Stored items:
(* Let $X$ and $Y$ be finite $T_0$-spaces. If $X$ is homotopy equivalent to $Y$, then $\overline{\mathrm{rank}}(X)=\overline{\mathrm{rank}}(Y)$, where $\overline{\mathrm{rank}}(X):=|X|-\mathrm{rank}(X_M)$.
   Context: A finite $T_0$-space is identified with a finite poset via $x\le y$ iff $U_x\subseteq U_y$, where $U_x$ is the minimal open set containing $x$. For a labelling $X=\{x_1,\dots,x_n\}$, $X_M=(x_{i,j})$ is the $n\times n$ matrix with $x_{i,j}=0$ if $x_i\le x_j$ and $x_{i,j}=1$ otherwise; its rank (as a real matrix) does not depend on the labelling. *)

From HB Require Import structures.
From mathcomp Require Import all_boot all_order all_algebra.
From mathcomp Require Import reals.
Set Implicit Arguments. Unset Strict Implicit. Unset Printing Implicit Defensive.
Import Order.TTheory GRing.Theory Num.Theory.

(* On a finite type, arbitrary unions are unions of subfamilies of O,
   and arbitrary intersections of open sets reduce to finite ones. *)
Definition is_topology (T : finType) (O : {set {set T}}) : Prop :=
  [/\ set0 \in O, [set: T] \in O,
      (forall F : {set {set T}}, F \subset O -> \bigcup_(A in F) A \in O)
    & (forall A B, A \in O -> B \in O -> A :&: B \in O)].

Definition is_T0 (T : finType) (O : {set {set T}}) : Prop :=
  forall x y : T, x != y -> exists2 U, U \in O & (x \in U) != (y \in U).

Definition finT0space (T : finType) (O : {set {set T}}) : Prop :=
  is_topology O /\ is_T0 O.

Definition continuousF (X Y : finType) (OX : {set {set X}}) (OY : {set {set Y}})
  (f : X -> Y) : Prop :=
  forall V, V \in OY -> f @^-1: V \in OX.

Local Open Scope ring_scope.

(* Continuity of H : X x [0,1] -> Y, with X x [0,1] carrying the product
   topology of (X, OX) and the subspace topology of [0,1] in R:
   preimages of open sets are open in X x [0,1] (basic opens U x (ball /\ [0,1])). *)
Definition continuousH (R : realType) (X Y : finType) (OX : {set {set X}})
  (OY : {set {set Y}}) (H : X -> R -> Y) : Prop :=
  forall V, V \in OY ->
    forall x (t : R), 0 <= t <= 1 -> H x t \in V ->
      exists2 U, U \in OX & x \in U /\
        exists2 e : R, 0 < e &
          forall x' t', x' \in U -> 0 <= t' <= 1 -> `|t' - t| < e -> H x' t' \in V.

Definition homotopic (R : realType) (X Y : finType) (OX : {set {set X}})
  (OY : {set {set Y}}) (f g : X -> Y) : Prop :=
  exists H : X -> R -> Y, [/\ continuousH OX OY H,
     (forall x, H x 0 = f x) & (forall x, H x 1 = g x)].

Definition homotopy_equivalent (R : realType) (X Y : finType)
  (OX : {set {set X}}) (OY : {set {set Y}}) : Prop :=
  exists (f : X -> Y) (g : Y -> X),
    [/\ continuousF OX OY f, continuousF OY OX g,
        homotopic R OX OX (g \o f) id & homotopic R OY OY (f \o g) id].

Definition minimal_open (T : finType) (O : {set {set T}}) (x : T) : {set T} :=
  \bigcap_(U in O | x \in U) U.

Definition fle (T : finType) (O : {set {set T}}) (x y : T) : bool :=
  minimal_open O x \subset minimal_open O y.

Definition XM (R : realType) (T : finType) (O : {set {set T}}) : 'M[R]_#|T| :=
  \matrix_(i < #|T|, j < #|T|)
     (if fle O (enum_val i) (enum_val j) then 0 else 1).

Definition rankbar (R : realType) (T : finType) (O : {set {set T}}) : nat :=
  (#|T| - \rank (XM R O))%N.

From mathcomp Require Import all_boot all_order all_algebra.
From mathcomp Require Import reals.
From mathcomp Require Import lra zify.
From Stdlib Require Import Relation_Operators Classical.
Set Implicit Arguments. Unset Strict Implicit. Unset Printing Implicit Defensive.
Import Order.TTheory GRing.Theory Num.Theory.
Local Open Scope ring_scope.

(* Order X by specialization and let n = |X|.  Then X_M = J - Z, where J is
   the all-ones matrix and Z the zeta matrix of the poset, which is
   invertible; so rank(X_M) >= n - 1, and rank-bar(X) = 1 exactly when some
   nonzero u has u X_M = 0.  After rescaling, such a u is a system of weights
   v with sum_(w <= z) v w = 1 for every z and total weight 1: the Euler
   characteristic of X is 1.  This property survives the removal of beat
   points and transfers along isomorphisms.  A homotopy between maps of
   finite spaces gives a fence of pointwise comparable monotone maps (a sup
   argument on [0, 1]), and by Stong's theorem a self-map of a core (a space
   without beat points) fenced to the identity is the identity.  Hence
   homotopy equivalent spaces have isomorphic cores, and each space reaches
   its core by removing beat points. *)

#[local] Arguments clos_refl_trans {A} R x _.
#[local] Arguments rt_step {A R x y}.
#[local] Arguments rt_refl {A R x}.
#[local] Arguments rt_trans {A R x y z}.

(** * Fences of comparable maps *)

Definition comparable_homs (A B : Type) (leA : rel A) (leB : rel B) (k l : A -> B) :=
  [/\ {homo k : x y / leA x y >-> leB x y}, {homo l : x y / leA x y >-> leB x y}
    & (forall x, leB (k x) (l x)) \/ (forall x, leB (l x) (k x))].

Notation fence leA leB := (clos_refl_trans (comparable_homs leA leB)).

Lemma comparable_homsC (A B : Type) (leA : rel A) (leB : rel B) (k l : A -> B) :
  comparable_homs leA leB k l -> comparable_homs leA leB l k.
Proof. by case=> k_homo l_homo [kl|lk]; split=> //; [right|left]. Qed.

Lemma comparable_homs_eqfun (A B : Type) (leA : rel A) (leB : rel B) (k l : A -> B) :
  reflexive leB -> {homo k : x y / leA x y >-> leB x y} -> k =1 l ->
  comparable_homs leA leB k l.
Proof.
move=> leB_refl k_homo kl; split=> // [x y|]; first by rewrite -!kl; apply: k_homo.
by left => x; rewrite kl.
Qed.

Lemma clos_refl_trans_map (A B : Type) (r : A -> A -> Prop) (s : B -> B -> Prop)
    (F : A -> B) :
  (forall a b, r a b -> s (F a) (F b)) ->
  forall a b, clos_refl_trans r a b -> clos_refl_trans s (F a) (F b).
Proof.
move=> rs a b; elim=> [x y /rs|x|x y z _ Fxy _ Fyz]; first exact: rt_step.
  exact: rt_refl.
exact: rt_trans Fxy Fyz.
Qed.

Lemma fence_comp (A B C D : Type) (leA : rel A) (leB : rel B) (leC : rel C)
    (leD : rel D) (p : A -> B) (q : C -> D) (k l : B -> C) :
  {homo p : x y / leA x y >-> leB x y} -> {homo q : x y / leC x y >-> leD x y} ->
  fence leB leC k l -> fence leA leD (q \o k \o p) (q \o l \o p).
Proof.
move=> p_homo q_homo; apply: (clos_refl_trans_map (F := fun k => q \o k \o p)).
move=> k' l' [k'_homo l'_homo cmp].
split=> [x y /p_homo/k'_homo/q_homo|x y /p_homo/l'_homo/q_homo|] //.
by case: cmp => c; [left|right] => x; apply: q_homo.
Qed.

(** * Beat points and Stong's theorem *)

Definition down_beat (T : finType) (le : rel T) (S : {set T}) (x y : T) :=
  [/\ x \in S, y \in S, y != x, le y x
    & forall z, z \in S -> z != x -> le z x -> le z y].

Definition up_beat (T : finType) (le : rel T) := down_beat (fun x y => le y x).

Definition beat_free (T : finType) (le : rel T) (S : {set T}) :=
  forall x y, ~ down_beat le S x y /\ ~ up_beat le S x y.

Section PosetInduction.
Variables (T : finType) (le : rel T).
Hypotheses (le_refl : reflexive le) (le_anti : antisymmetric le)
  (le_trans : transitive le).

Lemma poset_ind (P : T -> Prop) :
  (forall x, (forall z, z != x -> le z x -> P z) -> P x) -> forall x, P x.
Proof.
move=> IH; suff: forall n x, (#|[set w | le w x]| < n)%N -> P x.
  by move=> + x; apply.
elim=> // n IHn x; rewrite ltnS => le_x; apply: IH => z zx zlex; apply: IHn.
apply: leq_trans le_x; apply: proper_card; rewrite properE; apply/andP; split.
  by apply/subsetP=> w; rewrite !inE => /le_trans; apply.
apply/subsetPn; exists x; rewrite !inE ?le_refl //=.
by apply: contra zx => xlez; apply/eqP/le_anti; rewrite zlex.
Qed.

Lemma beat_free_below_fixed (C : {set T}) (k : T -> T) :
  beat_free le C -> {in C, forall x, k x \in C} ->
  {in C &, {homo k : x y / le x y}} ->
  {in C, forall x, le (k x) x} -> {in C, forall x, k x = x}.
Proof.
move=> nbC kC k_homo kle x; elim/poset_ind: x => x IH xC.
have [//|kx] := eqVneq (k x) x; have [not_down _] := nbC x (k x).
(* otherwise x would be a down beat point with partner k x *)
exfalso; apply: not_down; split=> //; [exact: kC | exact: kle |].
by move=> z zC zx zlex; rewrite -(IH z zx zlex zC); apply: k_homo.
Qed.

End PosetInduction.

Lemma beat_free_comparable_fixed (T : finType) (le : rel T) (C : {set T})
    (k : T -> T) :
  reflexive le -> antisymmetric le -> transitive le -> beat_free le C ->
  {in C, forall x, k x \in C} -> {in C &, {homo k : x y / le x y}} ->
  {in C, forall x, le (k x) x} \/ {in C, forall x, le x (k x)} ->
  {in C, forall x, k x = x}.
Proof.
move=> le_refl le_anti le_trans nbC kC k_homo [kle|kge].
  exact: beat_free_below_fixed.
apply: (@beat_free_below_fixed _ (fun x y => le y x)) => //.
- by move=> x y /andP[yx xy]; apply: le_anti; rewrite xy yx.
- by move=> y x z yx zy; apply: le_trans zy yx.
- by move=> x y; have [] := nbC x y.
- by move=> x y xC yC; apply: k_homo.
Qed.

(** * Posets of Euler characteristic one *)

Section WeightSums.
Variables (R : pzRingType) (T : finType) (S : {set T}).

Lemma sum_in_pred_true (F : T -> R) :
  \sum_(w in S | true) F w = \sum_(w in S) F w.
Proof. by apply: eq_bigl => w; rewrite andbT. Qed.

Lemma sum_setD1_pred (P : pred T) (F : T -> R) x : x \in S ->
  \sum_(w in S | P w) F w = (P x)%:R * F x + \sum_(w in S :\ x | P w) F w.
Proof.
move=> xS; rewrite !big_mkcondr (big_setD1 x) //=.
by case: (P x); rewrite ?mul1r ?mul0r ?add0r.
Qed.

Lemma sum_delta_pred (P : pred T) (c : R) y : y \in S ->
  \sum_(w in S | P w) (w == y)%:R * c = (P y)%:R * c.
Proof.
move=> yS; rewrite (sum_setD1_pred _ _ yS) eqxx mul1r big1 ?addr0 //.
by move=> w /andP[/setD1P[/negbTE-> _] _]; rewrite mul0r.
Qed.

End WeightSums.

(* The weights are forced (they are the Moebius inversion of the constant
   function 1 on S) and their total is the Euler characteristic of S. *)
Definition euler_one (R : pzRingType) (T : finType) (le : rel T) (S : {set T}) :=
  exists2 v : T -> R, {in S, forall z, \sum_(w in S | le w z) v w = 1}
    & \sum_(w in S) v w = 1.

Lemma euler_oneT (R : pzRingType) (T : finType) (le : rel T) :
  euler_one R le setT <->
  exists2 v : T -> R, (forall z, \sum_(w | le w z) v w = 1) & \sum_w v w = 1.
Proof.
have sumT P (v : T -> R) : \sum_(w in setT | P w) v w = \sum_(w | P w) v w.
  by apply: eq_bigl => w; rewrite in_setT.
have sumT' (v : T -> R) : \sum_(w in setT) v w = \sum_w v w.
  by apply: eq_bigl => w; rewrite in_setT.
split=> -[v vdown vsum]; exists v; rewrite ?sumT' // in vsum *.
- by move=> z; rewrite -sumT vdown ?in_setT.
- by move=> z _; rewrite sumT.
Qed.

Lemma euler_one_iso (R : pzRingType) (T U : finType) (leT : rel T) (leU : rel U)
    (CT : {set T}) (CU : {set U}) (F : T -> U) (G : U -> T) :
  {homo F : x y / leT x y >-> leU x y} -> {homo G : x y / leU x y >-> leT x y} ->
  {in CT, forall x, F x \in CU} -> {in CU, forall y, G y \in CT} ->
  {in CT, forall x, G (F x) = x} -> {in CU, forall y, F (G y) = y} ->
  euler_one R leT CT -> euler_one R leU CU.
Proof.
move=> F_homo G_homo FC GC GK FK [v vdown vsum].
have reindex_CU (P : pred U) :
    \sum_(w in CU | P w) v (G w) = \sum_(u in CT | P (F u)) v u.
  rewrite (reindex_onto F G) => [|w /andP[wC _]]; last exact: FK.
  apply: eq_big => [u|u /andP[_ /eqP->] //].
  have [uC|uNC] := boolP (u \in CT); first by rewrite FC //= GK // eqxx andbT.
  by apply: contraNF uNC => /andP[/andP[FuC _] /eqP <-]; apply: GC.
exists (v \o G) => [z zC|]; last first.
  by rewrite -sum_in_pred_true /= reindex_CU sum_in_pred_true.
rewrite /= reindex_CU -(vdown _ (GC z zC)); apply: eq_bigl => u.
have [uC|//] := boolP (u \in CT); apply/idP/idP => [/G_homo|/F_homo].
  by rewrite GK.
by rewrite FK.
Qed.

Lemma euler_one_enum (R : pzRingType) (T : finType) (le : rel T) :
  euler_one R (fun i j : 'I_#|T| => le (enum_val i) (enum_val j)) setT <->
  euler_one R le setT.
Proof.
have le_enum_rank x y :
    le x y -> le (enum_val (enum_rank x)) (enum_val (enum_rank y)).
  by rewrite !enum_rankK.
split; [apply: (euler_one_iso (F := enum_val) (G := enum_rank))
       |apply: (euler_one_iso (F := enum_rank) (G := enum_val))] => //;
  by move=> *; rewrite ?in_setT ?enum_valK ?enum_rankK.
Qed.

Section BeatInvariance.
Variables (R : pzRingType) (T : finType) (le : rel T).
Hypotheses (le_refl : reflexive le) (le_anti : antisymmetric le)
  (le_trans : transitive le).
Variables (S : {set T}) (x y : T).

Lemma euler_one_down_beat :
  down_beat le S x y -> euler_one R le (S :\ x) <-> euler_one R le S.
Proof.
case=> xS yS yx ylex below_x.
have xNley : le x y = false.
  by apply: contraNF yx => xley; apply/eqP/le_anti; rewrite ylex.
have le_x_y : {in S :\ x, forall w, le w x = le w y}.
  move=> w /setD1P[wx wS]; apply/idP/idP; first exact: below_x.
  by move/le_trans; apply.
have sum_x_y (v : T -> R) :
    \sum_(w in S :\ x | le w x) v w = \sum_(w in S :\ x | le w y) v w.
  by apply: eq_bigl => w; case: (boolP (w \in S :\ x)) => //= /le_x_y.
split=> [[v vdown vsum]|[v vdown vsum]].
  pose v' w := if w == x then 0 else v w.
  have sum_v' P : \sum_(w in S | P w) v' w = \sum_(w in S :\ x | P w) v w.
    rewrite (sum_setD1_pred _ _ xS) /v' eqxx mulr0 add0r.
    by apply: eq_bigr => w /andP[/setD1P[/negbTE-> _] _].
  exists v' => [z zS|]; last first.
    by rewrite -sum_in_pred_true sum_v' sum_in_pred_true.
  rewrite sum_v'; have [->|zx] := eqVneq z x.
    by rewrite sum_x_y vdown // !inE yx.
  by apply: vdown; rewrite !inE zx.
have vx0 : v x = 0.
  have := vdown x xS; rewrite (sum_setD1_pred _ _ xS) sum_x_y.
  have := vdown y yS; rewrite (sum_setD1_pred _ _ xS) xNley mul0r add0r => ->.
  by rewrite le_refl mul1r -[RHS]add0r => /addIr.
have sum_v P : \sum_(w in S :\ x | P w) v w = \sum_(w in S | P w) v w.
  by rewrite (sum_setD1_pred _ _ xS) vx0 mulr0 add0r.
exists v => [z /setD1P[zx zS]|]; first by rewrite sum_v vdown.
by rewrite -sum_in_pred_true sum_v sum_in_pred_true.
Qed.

• _ACTIVITY_
From the records above, how many lines include the word "arbitrary"? Only the number is wanted.

• _REPLY_
2